The chemical compositions of the slag samples were determined by XRF. The samples were then tested via XRD to confirm the phase of the slag, and field emission scanning electron microscopy with an energy dispersive X-ray spectroscope (FESEM-EDS; MIRA 3, TESCAN Ltd., Czech) was used to obtain the morphology of samples. Transmission electron microscopy (TEM; JEOL, JEM 2100 F) with a lattice resolution of 0.14 nm was used at 200 kV to investigate the crystallography of precipitated ps-BR phase in titanium slag.

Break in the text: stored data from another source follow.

Lemma cstar_part_second_deriv_integrand_le s0 x z : 0 < s0 -> Rabs (x - s0) < s0 / 2 -> 0 < z ->
  Rabs (ln z * (z * (z * ((a - 1) * power_exp (a - 2) 1 (x * z) - power_exp (a - 1) 1 (x * z))
                      / Gamma a)) * gamma_pdf a z)
  <= / Gamma a * (Rabs (a - 1) * (Rpower (s0 / 2) (a - 2) + Rpower (3 * s0 / 2) (a - 2))
                    * (Rabs (ln z) * Rpower z a * gamma_pdf a z)
                  + (Rpower (s0 / 2) (a - 1) + Rpower (3 * s0 / 2) (a - 1))
                    * (Rabs (ln z) * Rpower z (a + 1) * gamma_pdf a z)).
Proof.
  intros Hs0 Hx Hz. apply Rabs_lt_between in Hx. pose proof (Gamma_pos a Ha).
  set (S1 := Rpower (s0 / 2) (a - 2) + Rpower (3 * s0 / 2) (a - 2)).
  set (S2 := Rpower (s0 / 2) (a - 1) + Rpower (3 * s0 / 2) (a - 1)).
  assert (Hx1 : Rpower x (a - 2) <= S1) by (apply Rpower_le_add_bases; lra).
  assert (Hx2 : Rpower x (a - 1) <= S2) by (apply Rpower_le_add_bases; lra).
  assert (HD : Rabs ((a - 1) * power_exp (a - 2) 1 (x * z) - power_exp (a - 1) 1 (x * z))
               <= Rabs (a - 1) * S1 * Rpower z (a - 2) + S2 * Rpower z (a - 1)).
  { eapply Rle_trans; [apply Rabs_power_exp_deriv_le; nra|].
    rewrite <- !Rpower_mult_distr by lra.
    pose proof (Rpower_pos z (a - 2)). pose proof (Rpower_pos z (a - 1)). pose proof (Rabs_pos (a - 1)).
    apply Rplus_le_compat; [rewrite Rmult_assoc; apply Rmult_le_compat_l; auto|];
      apply Rmult_le_compat_r; lra. }
  assert (Hza : z * z * Rpower z (a - 2) = Rpower z a)
    by (rewrite <- (Rpower_1 z) at 1 2 by auto; rewrite <- !Rpower_plus; f_equal; ring).
  assert (Hza1 : z * z * Rpower z (a - 1) = Rpower z (a + 1))
    by (rewrite <- (Rpower_1 z) at 1 2 by auto; rewrite <- !Rpower_plus; f_equal; ring).
  pose proof (gamma_pdf_nonneg a Ha z). pose proof (Rabs_pos (ln z)).
  unfold Rdiv. rewrite !Rabs_mult, Rabs_inv, (Rabs_pos_eq (gamma_pdf a z)), (Rabs_pos_eq z),
    (Rabs_pos_eq (Gamma a)) by lra.
  rewrite <- Hza, <- Hza1.
  apply Rle_trans with (Rabs (ln z) * (z * (z * (Rabs (a - 1) * S1 * Rpower z (a - 2)
                          + S2 * Rpower z (a - 1)) * / Gamma a)) * gamma_pdf a z).
  - apply Rmult_le_compat_r; auto. apply Rmult_le_compat_l; auto.
    apply Rmult_le_compat_l; [lra|]. apply Rmult_le_compat_r; [apply Rlt_le, Rinv_0_lt_compat; lra|].
    apply Rmult_le_compat_l; lra.
  - right. ring.
Qed.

The specimen was thinned using focused ion beam (FIB; LYRA1, TESCAN Ltd., Czech) milling for TEM analysis.

Results and Discussion

Prediction of physicochemical change of ilmenite slag through thermodynamic simulation

As mentioned before, the type of fluxes was determined considering their effect on the activities of FeO and MgO in ilmenite slag. The carbothermic smelting reduction of FeO in ilmenite slag is represented by Eq. (1).

$$({\rm{FeO}})+{\rm{C}}({\rm{s}})={\rm{Fe}}({\rm{l}})+{\rm{CO}}({\rm{g}})$$

(1)

Hence, when FeO activity is high, the driving force of forward reaction is stronger, leading to TiO₂-enrichment in the slag. Therefore, to increase the activity of FeO, the strong alkaline basic oxide such as Na₂O was considered as catalytic fluxing agent.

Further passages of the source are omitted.